PAM is able to measure the oxygen saturation in a single blood vessel²⁹ or the average values in a desired area. Pain, autonomic changes, and functioning impairment in patients with CRPS may be related more to the actual tissue extraction of oxygen and nutrients in the affected area than to the supply of oxygen and nutrients from microcirculation.
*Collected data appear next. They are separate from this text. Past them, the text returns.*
Lemma fm_row_cone c : row_cone A b (fm_A c) (fm_b c).
Proof.
case: c => [c|[p q]] /=; first by case: ifP => _; [apply: row_cone_row | apply: row_cone0].
case: ifP => [/andP [p_gt0 q_lt0]|_]; last exact: row_cone0.
by apply: row_coneD; apply: row_coneZ; rewrite ?oppr_ge0 ?ltW //; apply: row_cone_row.
Qed.

Lemma sum_split_at (c : C) (u : V -> R) t :
  \sum_i A c i * (if i == j then t else u i) =
  \sum_i A c i * (if i == j then 0 else u i) + A c j * t.
Proof.
rewrite (bigD1 j) //= [in RHS](bigD1 j) //= !eqxx mulr0 add0r addrC; congr (_ + _).
by apply: eq_bigr => i /negbTE ->.
Qed.

(* Any solution of the eliminated system extends to the original one: the value
   of the variable [j] only has to separate the lower bounds [L] from the upper ones. *)
Lemma fm_feasible : (exists v, lp_feasible fm_A fm_b v) -> exists v, lp_feasible A b v.
Proof.
move=> [v v_feas].
pose r c := \sum_i A c i * (if i == j then 0 else v i).
have vE c : \sum_i A c i * v i = r c + A c j * v j.
  rewrite -sum_split_at; apply: eq_bigr => i _; by case: eqP => // ->.
pose L c := (b c - r c) / A c j.
have LU p q : p \in [seq p <- index_enum C | 0 < A p j] ->
    q \in [seq q <- index_enum C | A q j < 0] -> L p <= L q.
  rewrite !mem_filter !mem_index_enum !andbT => p_gt0 q_lt0.
  have := v_feas (inr (p, q)); rewrite /= p_gt0 q_lt0 /=.
  under eq_bigr do rewrite mulrDl -!mulrA.
  rewrite big_split /= -!mulr_sumr !vE /L ler_pdivrMr //.
  set u := (b q - r q) / A q j.
  have uE : u * A q j = b q - r q by rewrite /u divfK // ltr0_neq0.
  by nra.
have [t [le_t t_le]] := exists_separator LU.
exists (fun i => if i == j then t else v i) => c; rewrite sum_split_at -/(r c).
case: (ltrgtP (A c j) 0) => Acj.
- have := t_le c; rewrite mem_filter mem_index_enum Acj => /(_ isT).
  by rewrite /L ler_ndivlMr // => h; lra.
- have := le_t c; rewrite mem_filter mem_index_enum Acj => /(_ isT).
  by rewrite /L ler_pdivrMr // => h; lra.
- by have := v_feas (inl c); rewrite /= Acj eqxx vE Acj !mul0r addr0.
Qed.

End FourierMotzkin.
Lemma itv_min_max_sub {R : realDomainType} {a b x y : R} :
  x \in `[a, b] -> y \in `[a, b] -> `[Num.min x y, Num.max x y] `<=` `[a, b].
Proof.
rewrite !in_itv /= => /andP[ax xb] /andP[ay yb] t /=; rewrite !in_itv /=.
by rewrite ge_min le_max => /andP[/orP[] ? /orP[] ?]; apply/andP; split; lra.
Qed.

Lemma min_le_max {R : realDomainType} (x y : R) : Num.min x y <= Num.max x y.
Proof. by rewrite ge_min le_max lexx. Qed.

Lemma min_max_in_itv {R : realDomainType} {a b x y : R} :
  x \in `[a, b] -> y \in `[a, b] -> Num.min x y \in `[a, b] /\ Num.max x y \in `[a, b].
Proof. by case: leP. Qed.

Lemma mem_itv_min_max_l {R : realDomainType} (x y : R) :
  x \in `[Num.min x y, Num.max x y].
Proof. by rewrite in_itv /= ge_min le_max lexx. Qed.

Lemma itv_min_max_split {R : realDomainType} (y : R) {x z c : R} :
  c \in `[Num.min x z, Num.max x z] ->
  c \in `[Num.min x y, Num.max x y] \/ c \in `[Num.min y z, Num.max y z].
Proof.
rewrite !in_itv /= !ge_min !le_max.
case: (leP x c) => ?; case: (leP z c) => ?; case: (leP y c) => ?;
  rewrite /= ?orbT ?orbF ?andbT //=; lra.
Qed.

Lemma snake_mhE {R : realType} (h : R -> R) s1 s2 :
  snake_mh h s1 s2 = inf_itv h (Num.min s1 s2) (Num.max s1 s2).
Proof. by []. Qed.

Lemma snake_ME {R : realType} (h : R -> R) w s1 s2 :
  snake_M h w s1 s2 = Num.min (inf_itv (w s1) (snake_mh h s1 s2) (h s1))
                              (inf_itv (w s2) (snake_mh h s1 s2) (h s2)).
Proof. by []. Qed.

Lemma snake_dE {R : realType} (h : R -> R) w :
  snake_d h w = product_dist (fun s => w s (h s)) (snake_M h w).
Proof. by []. Qed.

Lemma snake_mh_sym {R : realType} (h : R -> R) s1 s2 :
  snake_mh h s1 s2 = snake_mh h s2 s1.
Proof. by rewrite !snake_mhE minC maxC. Qed.

Lemma snake_mh_diag {R : realType} (h : R -> R) s : snake_mh h s s = h s.
Proof. by rewrite snake_mhE minxx maxxx inf_itv1. Qed.

Lemma snake_M_sym {R : realType} (h : R -> R) w s1 s2 :
  snake_M h w s1 s2 = snake_M h w s2 s1.
Proof. by rewrite !snake_ME snake_mh_sym minC. Qed.

Lemma snake_M_diag {R : realType} (h : R -> R) w s : snake_M h w s s = w s (h s).
Proof. by rewrite snake_ME snake_mh_diag inf_itv1 minxx. Qed.

Section Snake.
Context {R : realType} {zeta : R} {h : R -> R} {w : R -> R -> R}.
Hypothesis snake : is_snake zeta h w.

Local Notation in0z s := (s \in `[0, zeta]).

Let h_cont : {within `[0, zeta], continuous h}. Proof. by case: snake. Qed.
Let h_ge0 {s} : in0z s -> 0 <= h s. Proof. by case: snake => _ + _ _; apply. Qed.
Let w_cont {s} : in0z s -> {within [set r | 0 <= r], continuous (w s)}.
Proof. by case: snake => _ _ _ [+ _ _ _]; apply. Qed.
Let w_coh {s1 s2} : in0z s1 -> in0z s2 ->
  forall r, 0 <= r <= snake_mh h s1 s2 -> w s1 r = w s2 r.
Proof. by case: snake => _ _ _ [_ _ _]; apply. Qed.

Lemma snake_mh_le {s1 s2 t} : in0z s1 -> in0z s2 ->
  t \in `[Num.min s1 s2, Num.max s1 s2] -> snake_mh h s1 s2 <= h t.
Proof.
move=> Z1 Z2; apply: inf_itv_le.
exact: continuous_subspaceW (itv_min_max_sub Z1 Z2) h_cont.
Qed.

Lemma snake_mh_bounds {s1 s2} : in0z s1 -> in0z s2 ->
  [/\ 0 <= snake_mh h s1 s2, snake_mh h s1 s2 <= h s1 & snake_mh h s1 s2 <= h s2].
Proof.
move=> Z1 Z2; split; [|exact: snake_mh_le (mem_itv_min_max_l _ _)|].
- rewrite snake_mhE; have [c cI ->] := inf_itv_attained
    (continuous_subspaceW (itv_min_max_sub Z1 Z2) h_cont) (min_le_max s1 s2).
  exact/h_ge0/(itv_min_max_sub Z1 Z2).
- by apply: snake_mh_le; rewrite // minC maxC mem_itv_min_max_l.
Qed.

Lemma snake_mh_ultra {s1 s2 s3} : in0z s1 -> in0z s2 -> in0z s3 ->
  Num.min (snake_mh h s1 s2) (snake_mh h s2 s3) <= snake_mh h s1 s3.
Proof.
move=> Z1 Z2 Z3; rewrite [X in _ <= X]snake_mhE.
have [c /(itv_min_max_split s2)[] cI ->] := inf_itv_attained
  (continuous_subspaceW (itv_min_max_sub Z1 Z3) h_cont) (min_le_max s1 s3).
- by rewrite ge_min snake_mh_le.
- by rewrite ge_min (snake_mh_le Z2 Z3 cI) orbT.
Qed.

Lemma inf_itv_w_le {s a b t} : in0z s -> 0 <= a -> t \in `[a, b] ->
  inf_itv (w s) a b <= w s t.
Proof.
move=> Zs a0; apply: inf_itv_le; have sub : `[a, b] `<=` [set r | 0 <= r].
  by move=> r /=; rewrite in_itv /= => /andP[ar _]; exact: le_trans ar.
exact: continuous_subspaceW sub (w_cont Zs).
Qed.

Lemma snake_M_le s1 s2 : in0z s1 -> in0z s2 -> snake_M h w s1 s2 <= w s1 (h s1).
Proof.
move=> Z1 Z2; have [m0 m1 _] := snake_mh_bounds Z1 Z2.
by rewrite snake_ME ge_min inf_itv_w_le // in_itv /= m1 lexx.
Qed.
Some reports suggest that arterial oxygen saturation alone may not be helpful enough to diagnose CRPS,^39,40 thus venous oxygen saturation is essential.⁴⁰ Due to its absorption contrast mechanism, PAM with double wavelengths is sensitive to both oxyhemoglobin and deoxyhemoglobin, and is able to measure the oxygen saturation in both arteries and veins.
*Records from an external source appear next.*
(* Let $\Gamma_1,\Gamma_2$ be propositional theories over $\mathcal L$ and let $e\in\{c,a,s,u\}$. Then the following are equivalent: (1) $\Gamma_1\equiv_e\Gamma_2$; (2) $C_e(\Gamma_1)=C_e(\Gamma_2)$; (3) $E_e(\Gamma_1)=E_e(\Gamma_2)$.
   Context: A propositional signature $\mathcal L$ is a set of atoms. Formulas are built from atoms and $\bot$ using $\wedge,\vee,\to$; $\neg\phi$ abbreviates $\phi\to\bot$. A theory is a set of formulas. An HT-interpretation over $\mathcal L$ is a pair $(X,Y)$ with $X\subseteq Y\subseteq\mathcal L$; it is total if $X=Y$. $Y\models\phi$ denotes classical satisfaction. HT-satisfaction: $(X,Y)\models a$ iff $a\in X$ for an atom $a$; $(X,Y)\not\models\bot$; $\wedge,\vee$ componentwise; $(X,Y)\models\phi\to\psi$ iff (i) $(X,Y)\not\models\phi$ or $(X,Y)\models\psi$, and (ii) $Y\models\phi\to\psi$. $(X,Y)\models\Gamma$ iff it satisfies every formula of $\Gamma$. A total $(Y,Y)$ is an equilibrium model of $\Gamma$ iff $(Y,Y)\models\Gamma$ and $(X,Y)\not\models\Gamma$ for all $X\subsetneq Y$; then $Y$ is an answer set of $\Gamma$. A formula is factual if it is built from atoms and $\bot$ using only $\wedge,\vee$ and implications of the form $\phi\to\bot$. For theories $\Gamma_1,\Gamma_2$ over $\mathcal L$: $\Gamma_1\equiv_c\Gamma_2$ iff they have the same classical models; $\Gamma_1\equiv_a\Gamma_2$ iff they have the same answer sets; $\Gamma_1\equiv_s\Gamma_2$ iff for every $\mathcal L'\supseteq\mathcal L$ and every theory $\Gamma$ over $\mathcal L'$, $\Gamma_1\cup\Gamma$ and $\Gamma_2\cup\Gamma$ have the same answer sets; $\Gamma_1\equiv_u\Gamma_2$ iff the same holds for every factual theory $\Gamma$ over every $\mathcal L'\supseteq\mathcal L$. $C_s(\Gamma)$ is the set of HT-countermodels of $\Gamma$ (HT-interpretations over $\mathcal L$ not satisfying $\Gamma$). A here-countermodel is an HT-countermodel $(X,Y)$ with $Y\models\Gamma$; $E_s(\Gamma)$ is the set of equivalence interpretations, i.e. total HT-models of $\Gamma$ together with here-countermodels of $\Gamma$. For a set $S$ of HT-interpretations: a total $(Y,Y)$ is total-closed in $S$ if $(X,Y)\in S$ for every $X\subseteq Y$; $(X,Y)$ is closed in $S$ if $(X',Y)\in S$ for every $X\subseteq X'\subseteq Y$; $(X,Y)$ is there-closed in $S$ if $(Y,Y)\notin S$ and $(X',Y)\in S$ for every $X\subseteq X'\subsetneq Y$. Define: $C_c(\Gamma)$, $E_c(\Gamma)$ = the total interpretations in $C_s(\Gamma)$, resp. $E_s(\Gamma)$; $C_a(\Gamma)$ = the set of HT-interpretations of the form $(\emptyset,Y)$ that are there-closed in $C_s(\Gamma)$; $E_a(\Gamma)$ = the set of total interpretations that are total-closed in $E_s(\Gamma)$; $C_u(\Gamma)$ = the set of HT-interpretations that are there-closed in $C_s(\Gamma)$; $E_u(\Gamma)$ = the set of HT-interpretations that are closed in $E_s(\Gamma)$. *)

From Stdlib Require Import Classical.

Set Implicit Arguments.

Definition aset (A : Type) := A -> Prop.
Definition subset {A : Type} (X Y : aset A) : Prop := forall a, X a -> Y a.
Definition psubset {A : Type} (X Y : aset A) : Prop := subset X Y /\ ~ subset Y X.
Definition same {A : Type} (X Y : aset A) : Prop := forall a, X a <-> Y a.

Inductive form (A : Type) : Type :=
| Atom : A -> form A
| Bot : form A
| And : form A -> form A -> form A
| Or : form A -> form A -> form A
| Imp : form A -> form A -> form A.
Arguments Bot {A}.

Definition Neg {A : Type} (p : form A) : form A := Imp p Bot.

Definition theory (A : Type) := form A -> Prop.
Definition tunion {A : Type} (G1 G2 : theory A) : theory A :=
  fun p => G1 p \/ G2 p.

Fixpoint form_over {A : Type} (L : aset A) (p : form A) : Prop :=
  match p with
  | Atom a => L a
  | Bot => True
  | And p q | Or p q | Imp p q => form_over L p /\ form_over L q
  end.
Definition theory_over {A : Type} (L : aset A) (G : theory A) : Prop :=
  forall p, G p -> form_over L p.

Inductive factual {A : Type} : form A -> Prop :=
| fact_atom : forall a, factual (Atom a)
| fact_bot : factual Bot
| fact_and : forall p q, factual p -> factual q -> factual (And p q)
| fact_or : forall p q, factual p -> factual q -> factual (Or p q)
| fact_neg : forall p, factual p -> factual (Imp p Bot).
Definition factual_theory {A : Type} (G : theory A) : Prop :=
  forall p, G p -> factual p.

Fixpoint csat {A : Type} (Y : aset A) (p : form A) : Prop :=
  match p with
  | Atom a => Y a
  | Bot => False
  | And p q => csat Y p /\ csat Y q
  | Or p q => csat Y p \/ csat Y q
  | Imp p q => csat Y p -> csat Y q
  end.
Definition cmodel {A : Type} (G : theory A) (Y : aset A) : Prop :=
  forall p, G p -> csat Y p.

Fixpoint htsat {A : Type} (X Y : aset A) (p : form A) : Prop :=
  match p with
  | Atom a => X a
  | Bot => False
  | And p q => htsat X Y p /\ htsat X Y q
  | Or p q => htsat X Y p \/ htsat X Y q
  | Imp p q => (htsat X Y p -> htsat X Y q) /\ csat Y (Imp p q)
  end.
Definition htmodel {A : Type} (G : theory A) (X Y : aset A) : Prop :=
  forall p, G p -> htsat X Y p.

Definition interp_over {A : Type} (L : aset A) (X Y : aset A) : Prop :=
  subset X Y /\ subset Y L.
Definition total {A : Type} (X Y : aset A) : Prop := same X Y.

Definition answer_set {A : Type} (L : aset A) (G : theory A) (Y : aset A) : Prop :=
  subset Y L /\ htmodel G Y Y /\ (forall X, psubset X Y -> ~ htmodel G X Y).

Definition same_answer_sets {A : Type} (L : aset A) (G1 G2 : theory A) : Prop :=
  forall Y, answer_set L G1 Y <-> answer_set L G2 Y.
SGB with local anesthetics is used frequently in the management of CRPS-1 of the upper extremities, with variable degrees of success in pain relief and improvement of function.⁵ This inconsistency of outcome may be related to sympathetically maintained pain (SMP) and sympathetically independent pain (SIP).⁴¹ SMP may be differentiated from SIP by a sympatholytic challenge provided by an intravenous injection of the α-adrenergic blocker phentolamine or sympathetic blocks.^42,43 Our preliminary data indicated only a subset of patients responded to SGB well, with significant pain relief and changes of PA signal and ${\mathrm{sO}}_2$, which supports the observation that “neuropathic pain is mediated or maintained by the sympathetic nervous system in only a subset of patients.”⁴³

Despite the advantages listed above, the 2-D scanning of current PAM has a relatively long acquisition time, which leads to some motion artifacts in the image. Further improvement of imaging speed is possible by implementing mirror scanning.⁴⁴ Limited by the strong attenuation of high-frequency acoustic signals, the AR-PAM system used in this work can image only as deep as 3 mm in biological tissue. To investigate the microcirculatory changes of deep tissue, such as muscles and bones in the area affected by CRPS, an AR-PAM system with a lower central frequency transducer (e.g., 5 MHz) can be used in the future, which would extend the imaging depth to 4 cm.²⁵ Based on a small number of subjects, our data are promising but preliminary. Randomized, controlled, and double-blinded clinical trials are needed to verify the clinical application of PAM systems to CRPS evaluation and management.

5.

Conclusion

In this paper, peripheral blood vessels in two sites in patients’ hands were imaged by PAM systems. From pre- to post-SGB block, there were a 50% increase in signal intensity of PAM and 4% increase in ${\mathrm{sO}}_2$, which agreed with the increased temperature and decreased pain level.^6,7 The results showed that blood perfusion increased after SBG, which is consistent with prior reports. Unlike other imaging methods, PAM can provide noninvasive high spatial resolution images as well as functional ${\mathrm{sO}}_2$ measurement. In these preliminary results, PAM showed its potential in helping both monitoring and diagnosing CRPS.